Dal 2016 sono libera professionista e lavoro come blogger nel settore del turismo sostenibile: collaboro con enti del turismo, associazioni e tour operator per la promozione di itinerari, destinazioni ed esperienze sostenibili. Prima del Covid accompagnavo anche gruppi di turisti in viaggi naturalistici all’estero, che proponevo sul blog. Ovviamente la pandemia ha bloccato il settore del turismo all’estero e il mio lavoro ne ha risentito, ma ho sempre continuato a lavorare come docente di social media marketing turistico, grazie alla possibilità di fare le lezioni online.

Il fatto di lavorare nel settore in vari ruoli, mi ha permesso comunque di continuare a lavorare, nonostante la crisi del settore turistico.

 Come è vivere in un luogo tanto remoto come la Norvegia? 

A settembre 2020 ho ricevuto una proposta di lavoro all’estremo nord della Norvegia.

Oggi vivo in piena tundra, su una palafitta vista Mar Glaciale Artico, nel borgo di Kongsfjord – all’altezza di Capo Nord – dove gestisco la storica guesthouse del paese. Qui vivono solo 28 persone ed è un luogo molto isolato: siamo a 50 km dal primo centro abitato e a 300 Km dal primo ospedale.

In questo periodo siamo in piena notte polare, per due mesi il sole non sorge ed è buio quasi 24 ore al giorno. Verso fine gennaio tornerà la luce, fino ad arrivare ai mesi estivi quando il sole non tramonterà per due mesi, con luce sia di giorno che di notte.

Vivere qui è una bella sfida, sia a livello climatico sia per l’isolamento, ma quando arriverà il sole porterà anche i turisti. Con l’estate il fiordo di Kongsfjord si animerà e inizierò a lavorare a pieno regime in guesthouse, dove mi occupo delle prenotazioni e dell’accoglienza.

 Come nasce il suo blog viaggiarelibera.com?

ViaggiareLibera.com nasce nel 2012 come blog amatoriale, con lo scopo di raccontare dei miei viaggi in giro per il mondo. Nel 2016, quando chiudo l’agriturismo a Maranello dopo 10 anni di attività, il blog evolve e diventa professionale, diventando il mio principale lavoro. Dopo investimenti sulla mia formazione in ambito digitale, il blog si trasforma e diventa il mio lavoro principale, con l’obiettivo di informare e divulgare informazioni utili nel settore del turismo eco-sostenibile e proporre viaggi e destinazioni.

 È nata e cresciuta a Modena: che rapporto ha con la sua terra?

Sono molto legata a Modena e all’Emilia. Ho gestito il mio agriturismo a Maranello per 10 anni, dove accoglievo turisti da tutto il mondo, valorizzando le tradizioni locali della cultura contadina, dal cibo alle ricorrenze. Purtroppo, ho dovuto chiudere la mia azienda perché le mura non erano di mia proprietà e alla scadenza il contratto non è stato rinnovato, il casale è stato venduto e per me, anche se viaggiatrice, è stato davvero difficile dover lasciare la mia attività a Modena. Ho sempre viaggiato il mondo, ma più viaggio e più mi rendo conto di quanto sia meravigliosa la mia terra. Sicuramente in futuro tornerò in Emilia, sto cercando da tempo un casale dove ricreare un bel B&b in campagna.

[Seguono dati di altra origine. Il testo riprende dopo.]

Lemma pair_prod_monotone (k : nat) (s s' : R) :
  (1 <= k <= n)%nat -> 0 < s <= s' -> Rbar_lt s' T ->
  pair_prod n g k s <= pair_prod n g k s'.
Proof.
  intros Hk Hs HT.
  assert (HxT : forall x, x <= s' -> Rbar_lt x T)
    by (intros x Hx; apply (Rbar_le_lt_trans x s'); [exact Hx | exact HT]).
  apply (le_of_derive_pos _ (fun x => 2 * g (idxN n) x + 4 * rho * Scal n g x * pair_prod n g k x));
    [lra | intros x Hx; apply flow_derive_pair_prod; [exact Hk | lra | apply HxT; lra] |].
  intros x Hx. specialize (HxT x (proj2 Hx)).
  assert (0 < g (idxN n) x) by (apply flow_pos; solve [unfold idxN; lia | lra | exact HxT]).
  assert (0 < pair_prod n g k x)
    by (apply Rmult_lt_0_compat; apply flow_pos; solve [unfold idxN; lia | lra | exact HxT]).
  assert (Scal n g x < 0) by (apply Scal_neg; [lra | exact HxT]).
  assert (0 < rho * Scal n g x * pair_prod n g k x)
    by (apply Rmult_lt_0_compat; [nra | assumption]).
  lra.
Qed.

Lemma Sigma_antitone (s s' : R) :
  0 < s <= s' -> Rbar_lt s' T -> Sigma n g s' <= Sigma n g s.
Proof.
  intros Hs HT. apply sum_Rle. intros k Hk. apply Rinv_le_contravar.
  - apply Rmult_lt_0_compat; apply flow_pos;
      solve [unfold idxN; lia | lra | apply (Rbar_le_lt_trans s s'); [simpl; lra | exact HT]].
  - apply (pair_prod_monotone (S k)); auto. lia.
Qed.

Lemma inv_N_le_affine :
  Rbar_lt 1 T ->
  exists c, 0 < c /\
    forall s, 1 <= s -> Rbar_lt s T -> / g (idxN n) s <= / g (idxN n) 1 + c * (s - 1).
Proof.
  intros H1T.
  set (c := Rabs (1 + rho) * Sigma n g 1 + 1).
  assert (HS1 : 0 < Sigma n g 1) by (apply Sigma_pos; [lra | exact H1T]).
  exists c. split.
  { unfold c. pose proof (Rmult_le_pos _ _ (Rabs_pos (1 + rho)) (Rlt_le _ _ HS1)). lra. }
  intros s Hs HT.
  assert (HxT : forall x, x <= s -> Rbar_lt x T)
    by (intros x Hx; apply (Rbar_le_lt_trans x s); [exact Hx | exact HT]).
  cut (c * 1 - / g (idxN n) 1 <= c * s - / g (idxN n) s); [lra|].
  apply (le_of_derive_pos (fun x => c * x - / g (idxN n) x)
           (fun x => c - (1 + rho) * Sigma n g x)); [exact Hs| |].
  - intros x Hx. specialize (HxT x (proj2 Hx)).
    assert (0 < g (idxN n) x) by (apply flow_pos; solve [unfold idxN; lia | lra | exact HxT]).
    eapply is_derive_eq.
    + apply (is_derive_minus (fun x => c * x) (fun x => / g (idxN n) x)).
      * apply (is_derive_scal (fun x => x)), is_derive_id.
      * apply is_derive_inv; [apply flow_logderive_N; [lra | exact HxT] | lra].
    + unfold minus, plus, opp, mult, one, Scal; simpl. field. lra.
  - intros x Hx. specialize (HxT x (proj2 Hx)).
    assert (Sigma n g x <= Sigma n g 1) by (apply Sigma_antitone; [lra | exact HxT]).
    assert (0 < Sigma n g x) by (apply Sigma_pos; [lra | exact HxT]).
    assert ((1 + rho) * Sigma n g x <= Rabs (1 + rho) * Sigma n g x)
      by (apply Rmult_le_compat_r; [lra | apply Rle_abs]).
    assert (Rabs (1 + rho) * Sigma n g x <= Rabs (1 + rho) * Sigma n g 1)
      by (apply Rmult_le_compat_l; [apply Rabs_pos | assumption]).
    unfold c. lra.
Qed.

Lemma flow_RInt_N_p_infty :
  T = p_infty -> is_lim (fun t => RInt (g (idxN n)) 0 t) p_infty p_infty.
Proof.
  intros HT. assert (HxT : forall x : R, Rbar_lt x T) by (intros; rewrite HT; exact I).
  assert (Hcont : forall x, 0 < x -> continuous (g (idxN n)) x).
  { intros x Hx. apply (@ex_derive_continuous R_AbsRing R_NormedModule).
    eexists. apply flow_logderive_N; [exact Hx | apply HxT]. }
  destruct inv_N_le_affine as [c [Hc Hbound]]; [apply HxT|].
  apply (is_lim_RInt_p_infty _ (/ g (idxN n) 1) c).
  - apply Rinv_0_lt_compat, flow_pos; solve [unfold idxN; lia | lra | apply HxT].
  - exact Hc.
  - apply (ex_RInt_right_continuous _ 0 2 1); [lra | intros x Hx; apply Hcont; lra |].
    apply flow_right_continuous. unfold idxN; lia.
  - intros s Hs. apply Hcont. lra.
  - intros s Hs.
    assert (0 < g (idxN n) s) by (apply flow_pos; solve [unfold idxN; lia | lra | apply HxT]).
    rewrite <- (Rinv_inv (g (idxN n) s)).
    apply Rinv_le_contravar; [apply Rinv_0_lt_compat; lra | apply Hbound; [exact Hs | apply HxT]].
Qed.
Lemma ip_correction u v w : ip (correction u v) w = (2^-1 : R)%:A * dJ u v (J w)
  - (4^-1 : R)%:A * (2^-1 : R)%:A *
    (dJ (J v) u w + dJ w u (J v) - dJ v u (J w) - dJ (J w) u v).
Proof.
rewrite /correction /Dtilde !(ipDl, ipNl, ipZl) !ipJl !HAsym (ipC (J v)) (ipC v) /dJ.
ring.
Qed.

Lemma correction_tensorial f u u' v :
  correction (f *: u + u') v = f *: correction u v + correction u' v.
Proof.
apply: ip_ext => z; rewrite ip_correction ipDl ipZl !ip_correction.
by dJ_norm; ring.
Qed.

Lemma correction_alinear u : alinear (correction u).
Proof.
move=> f v v'; apply: ip_ext => z; rewrite ip_correction ipDl ipZl !ip_correction.
by dJ_norm; ring.
Qed.

Lemma correction_skew u v w : ip (correction u v) w = - ip v (correction u w).
Proof. by rewrite [ip v _]ipC !ip_correction; dJ_norm; dJ_order w v; ring. Qed.

Lemma correction_G u v : correction u (G v) = G (correction u v).
Proof.
apply: ip_ext => z; rewrite ipGl !ip_correction; dJ_norm.
by dJ_order u v; dJ_order z v; dJ_order z u; ring.
Qed.

Lemma correction_covJ u v : correction u (J v) - J (correction u v) = - covJ D J u v.
Proof.
have half : (2^-1 : R)%:A + (2^-1 : R)%:A - 1 = 0 :> A by rewrite alg_halfD subrr.
apply: ip_ext => z; rewrite ipDl ipNl ipJl opprK !ip_correction ipNl -/(dJ u v z).
apply: (eq_lincomb1 (c := - dJ u v z) half); dJ_norm.
by dJ_order z v; ring.
Qed.

Lemma correction_torsion u v w :
  ip (correction u v) w - ip (correction v u) w + ip v (correction w u) = 0.
Proof.
rewrite [ip v _]ipC !ip_correction alg_quarter_half alg_half.
apply: (eq_lincomb1 (c := 2%:R * (8^-1 : R)%:A) (dJ_nijenhuis u v w)); dJ_norm.
by dJ_order v u; dJ_order w u; dJ_order w v; ring.
Qed.

Lemma Dtilde_connection : gen_connection ip pi Dtilde.
Proof.
exact: gen_connection_perturb DtildeE correction_tensorial correction_alinear
  correction_skew.
Qed.

Lemma Dtilde_torsion_free : torsion_free ip br Dtilde.
Proof. exact: torsion_free_perturb DtildeE correction_torsion. Qed.

Lemma Dtilde_metric : metric_preserving ip pi G Dtilde.
Proof.
apply/(metric_preservingP G Dtilde_connection) => u v.
by rewrite !DtildeE DG correction_G GD.
Qed.

Lemma Dtilde_covJ u v : covJ Dtilde J u v = 0.
Proof. by rewrite /covJ !DtildeE JD opprD addrACA correction_covJ subrr. Qed.

End GeneralizedKahler.
End TorsionFree.
End Connection.
End CourantAlgebroid.

Unset Implicit Arguments.

Theorem theorem5p4 (R : realFieldType) (A : comAlgType R) (E : lmodType A)
    (ip : E -> E -> A) (br : E -> E -> E) (pi : E -> A -> A)
    (Gend J : E -> E) (D : E -> E -> E) (Asym : E -> E -> E) :
  courant ip br pi ->
  gen_kahler ip br Gend J ->
  gen_connection ip pi D -> torsion_free ip br D -> metric_preserving ip pi Gend D ->
  (* Asym u = symmetric part of A_u : v |-> (D_v J) u *)
  (forall u v w, ip (Asym u v) w =
     (2^-1 : R)%:A * (ip (covJ D J v u) w + ip v (covJ D J w u))) ->
  let Dt := fun u v => D u v - (2^-1 : R)%:A *: J (covJ D J u v)
                        - (4^-1 : R)%:A *: (Asym u (J v) + J (Asym u v)) in
  [/\ gen_connection ip pi Dt, torsion_free ip br Dt,
      metric_preserving ip pi Gend Dt & forall u v, covJ Dt J u v = 0].
Proof.
move=> HC [HG HJ HGJ HNJ HNGJ] HD HT HM HAsym Dt; split.
- exact (Dtilde_connection HC HD HJ HAsym).
- exact (Dtilde_torsion_free HC HD HT HJ HNJ HAsym).
- exact (Dtilde_metric HC HD HT HG HJ HGJ HNJ HNGJ HM HAsym).
- exact (Dtilde_covJ HC HD HJ HAsym).
Qed.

 A proposito di Modena e turismo eco-sostenibile: esistono luoghi da visitare o esperienze particolari per chi, come te, sceglie il turismo eco-sostenibile?

Non sono i luoghi a rendere un viaggio o un’esperienza eco-sostenibile. È come si viaggia che fa la differenza.

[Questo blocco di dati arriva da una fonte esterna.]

(* Let $m$ be odd and let $n\in\mathbf{N}$. Let $\lambda$ be a partition of $mn$ and let $f:S^\lambda\to H^{(m^n)}$ be a homomorphism of $\mathbf{Z}S_{mn}$-modules. Let $t=t_\lambda$. Then there exist set families $\mathcal{P}_1,\dots,\mathcal{P}_k$ of shape $(m^n)$ and type $\lambda$ and integers $a_1,\dots,a_k$ such that $e_t f=a_1u_1b_t+\cdots+a_ku_kb_t$, where $u_i$ is the indexed set partition associated to $\mathcal{P}_i$.
   Context: A set family of shape $(m^n)$ is a collection of $n$ distinct $m$-subsets of $\mathbf{N}$; it has type $\lambda$ (largest part $a$, conjugate $\lambda'$) if for each $i\in\{1,\dots,a\}$ exactly $\lambda'_i$ of its sets contain $i$. Let $A(\lambda)=\{i_j:1\le i\le a,\ 1\le j\le\lambda'_i\}$ and identify $S_{mn}$ with $\mathrm{Sym}(A(\lambda))$, acting on the right. $H^{(m^n)}$ is the permutation $\mathbf{Z}S_{mn}$-module with basis the set partitions of $A(\lambda)$ into $n$ sets each of size $m$. $t_\lambda$ is the $\lambda$-tableau whose $i$-th column is $i_1,\dots,i_{\lambda'_i}$ top to bottom; $C(t)$ is the column stabilizer, $b_t=\sum_{\tau\in C(t)}\mathrm{sgn}(\tau)\tau$, $e_t=\{t\}b_t$ the polytabloid, and $S^\lambda$ the Specht module (span of polytabloids in the Young permutation module $M^\lambda$). The indexed set partition associated to a set family $\mathcal{P}=\{X_1<\dots<X_n\}$ (lexicographic order) of type $\lambda$ is obtained by giving each element of $X_1$ index $1$ and each $i\in X_r$ the smallest index not already appended to an $i$ in $X_1,\dots,X_{r-1}$. *)

From HB Require Import structures.
From mathcomp Require Import all_boot all_order all_algebra all_fingroup.
From mathcomp Require Import finmap.

Set Implicit Arguments.
Unset Strict Implicit.
Unset Printing Implicit Defensive.

Import GRing.Theory.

Potrei consigliare tante attrazioni naturalistiche, in provincia di Modena ne abbiamo tante e davvero stupende, ma non basta andare in natura per fare turismo eco-sostenibile. Il mio consiglio è di scegliere strutture ed esperienze che sono impegnate nel ridurre il proprio impatto ambientale, come agriturismi biologici o ristoranti che offrono acqua depurata a Km zero, ma prima di tutto è importante cambiare le proprie abitudini, il primo passo è ridurre l’uso della plastica usa e getta e magari scegliere una borraccia invece che la bottiglia di plastica.

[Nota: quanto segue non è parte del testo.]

(* Let $Q$ be a QNP and let $\pi$ be a policy for $Q$. A sequence $\bar\tau=\bar s_0,\bar s_1,\dots$ is an infinite non-terminating $\pi$-trajectory of the FOND problem $P=T_D(Q)$ if and only if there is an infinite $\pi$-trajectory $\tau=s_0,s_1,\dots$ of $Q$ (an $\epsilon$-trajectory for some $\epsilon>0$) such that $\bar s_i$ is the boolean state of $s_i$ for every $i$.
   Context: A qualitative numerical problem (QNP) is a tuple $Q=\langle F,V,I,O,G\rangle$ where $F$ is a finite set of propositional variables and $V$ a finite set of numerical variables taking non-negative real values. $F$-literals are $p,\neg p$; $V$-literals are $X=0$ and $X>0$. $I$ and $G$ are consistent sets of literals. Each action $a\in O$ has a precondition $Pre(a)$ (set of $F$- and $V$-literals), propositional effects $\mathit{Eff}(a)$ (set of $F$-literals) and numerical effects $N(a)$ (atoms $Inc(X)$, $Dec(X)$, at most one per variable); if $Dec(X)\in N(a)$ then $X>0\in Pre(a)$. A state $s$ assigns truth values to $F$ and reals $s[X]\ge 0$ to $V$. Initial states satisfy $I$ under a closed-world assumption. $a$ is applicable in $s$ if $s$ satisfies $Pre(a)$. For applicable $a$, $s'\in F(a,s)$ iff the propositional effects are applied (others unchanged), $s'[X]>s[X]$ if $Inc(X)\in N(a)$, $s'[X]<s[X]$ if $Dec(X)\in N(a)$, $s'[X]=s[X]$ otherwise. A trajectory is a sequence $s_0,a_0,s_1,\dots$ with $s_0$ initial, $a_i$ applicable in $s_i$, $s_{i+1}\in F(a_i,s_i)$; for $\epsilon>0$ it is an $\epsilon$-trajectory if for all $X,i$: $s_{i+1}[X]\neq s_i[X]$ implies $|s_{i+1}[X]-s_i[X]|\ge\epsilon$ or $0=s_{i+1}[X]<s_i[X]<\epsilon$. The boolean state $\bar s$ of $s$ is its truth valuation on the atoms $p\in F$ and $X=0$. A policy is a partial map $\pi$ from states to actions with $\pi(s)=\pi(s')$ whenever $\bar s=\bar s'$; a $\pi$-trajectory has $a_i=\pi(s_i)$. The direct translation $T_D(Q)$ is the FOND problem over $F\cup\{p_{X=0}:X\in V\}$ obtained by reading $X=0$ as $p_{X=0}$ and $X>0$ as $\neg p_{X=0}$ in $I$, $G$, preconditions, keeping propositional effects, replacing $Inc(X)$ by the deterministic effect $\neg p_{X=0}$ and $Dec(X)$ by the nondeterministic effect $\neg p_{X=0}\mid p_{X=0}$. Its states are the boolean states of $Q$, its unique initial state is the common boolean state of the initial states of $Q$, and $\pi$ acts on it via $\bar s\mapsto \pi(s)$. A $\pi$-trajectory of $T_D(Q)$ is a sequence $\bar s_0,\bar s_1,\dots$ from the initial state with $\pi(\bar s_i)$ applicable and $\bar s_{i+1}$ a possible successor. An action of $T_D(Q)$ is a $Dec(X)$ (resp. $Inc(X)$) action if the corresponding action of $Q$ has $Dec(X)$ (resp. $Inc(X)$) in $N(a)$. For an infinite $\pi$-trajectory of $T_D(Q)$, the recurrent states are those occurring infinitely often; the trajectory is terminating if there is $X\in V$ such that $\pi(\bar s)$ is a $Dec(X)$ action for some recurrent $\bar s$ and $\pi(\bar s')$ is not an $Inc(X)$ action for any recurrent $\bar s'$; otherwise it is non-terminating. *)

From mathcomp Require Import all_boot.
From Stdlib Require Import Reals List.

Set Implicit Arguments.
Unset Strict Implicit.
Unset Printing Implicit Defensive.

Section QNP.
Variables (F V O : finType).

(* Literals: FL p b is p (b = true) or ~p (b = false);
   VL X z is "X = 0" (z = true) or "X > 0" (z = false). *)
Inductive lit := FL (p : F) (b : bool) | VL (X : V) (z : bool).

(* A QNP <F,V,I,O,G>.  Numerical effects N(a) are given as a function
   V -> option bool: Some true = Inc(X), Some false = Dec(X), None = no effect
   (this encodes "at most one atom per variable"). *)
Record qnp := QNP {
  init : list lit;
  goal : list lit;
  pre  : O -> list lit;
  eff  : O -> list (F * bool);
  num  : O -> V -> option bool
}.

Definition consistent (l : list lit) : Prop :=
  (forall p b, In (FL p b) l -> ~ In (FL p (~~ b)) l) /\
  (forall X z, In (VL X z) l -> ~ In (VL X (~~ z)) l).

Definition wf_qnp (Q : qnp) : Prop :=
  consistent (init Q) /\ consistent (goal Q) /\
  (forall a X, num Q a X = Some false -> In (VL X false) (pre Q a)).

Definition qstate : Type := ((F -> bool) * (V -> R))%type.

Definition valid (s : qstate) : Prop := forall X, (0 <= s.2 X)%R.

Definition holds (s : qstate) (l : lit) : Prop :=
  match l with
  | FL p b => s.1 p = b
  | VL X z => if z then s.2 X = 0%R else (0 < s.2 X)%R
  end.

(* initial states: satisfy I under the closed-world assumption *)
Definition initial (Q : qnp) (s : qstate) : Prop :=
  valid s /\
  (forall p, s.1 p = true <-> In (FL p true) (init Q)) /\
  (forall X, s.2 X = 0%R <-> In (VL X true) (init Q)).

Definition applicable (Q : qnp) (a : O) (s : qstate) : Prop :=
  forall l, In l (pre Q a) -> holds s l.

Definition prop_step (Q : qnp) (a : O) (v v' : F -> bool) : Prop :=
  forall p,
    (In (p, true) (eff Q a) -> v' p = true) /\
    (In (p, false) (eff Q a) -> v' p = false) /\
    (~ In (p, true) (eff Q a) -> ~ In (p, false) (eff Q a) -> v' p = v p).

Definition succQ (Q : qnp) (a : O) (s s' : qstate) : Prop :=
  valid s' /\ prop_step Q a s.1 s'.1 /\
  forall X,
    match num Q a X with
    | Some true => (s.2 X < s'.2 X)%R
    | Some false => (s'.2 X < s.2 X)%R
    | None => s'.2 X = s.2 X
    end.

(* boolean states: valuation of the atoms p in F and "X = 0" for X in V *)
Definition bstate : Type := ((F -> bool) * (V -> bool))%type.

Definition bar (s : qstate) : bstate :=
  (s.1, fun X => if Req_EM_T (s.2 X) 0%R then true else false).

Definition is_policy (pol : qstate -> option O) : Prop :=
  forall s s', valid s -> valid s' -> bar s = bar s' -> pol s = pol s'.

Definition trajQ (Q : qnp) (pol : qstate -> option O) (s : nat -> qstate) : Prop :=
  initial Q (s 0) /\
  forall i, exists a, pol (s i) = Some a /\ applicable Q a (s i) /\
                      succQ Q a (s i) (s i.+1).

Definition eps_traj (eps : R) (s : nat -> qstate) : Prop :=
  forall X i, (s i.+1).2 X <> (s i).2 X ->
    (Rabs ((s i.+1).2 X - (s i).2 X) >= eps)%R \/
    (0 = (s i.+1).2 X /\ (s i.+1).2 X < (s i).2 X /\ (s i).2 X < eps)%R.

Definition bholds (bs : bstate) (l : lit) : Prop :=
  match l with
  | FL p b => bs.1 p = b
  | VL X z => bs.2 X = z
  end.

Definition initialD (Q : qnp) (bs : bstate) : Prop :=
  (forall p, bs.1 p = true <-> In (FL p true) (init Q)) /\
  (forall X, bs.2 X = true <-> In (VL X true) (init Q)).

 Come sarà viaggiare, secondo lei, nell’era “post Covid”?

Credo che ci sarà il boom dei viaggi all’estero. Dopo la lunga reclusione imposta dalla pandemia tutti vorranno viaggiare. È normale e comprensibile. Ma mi auguro che tutti inizino nuovamente a viaggiare in modo più consapevole, con maggiore rispetto verso l’ambiente.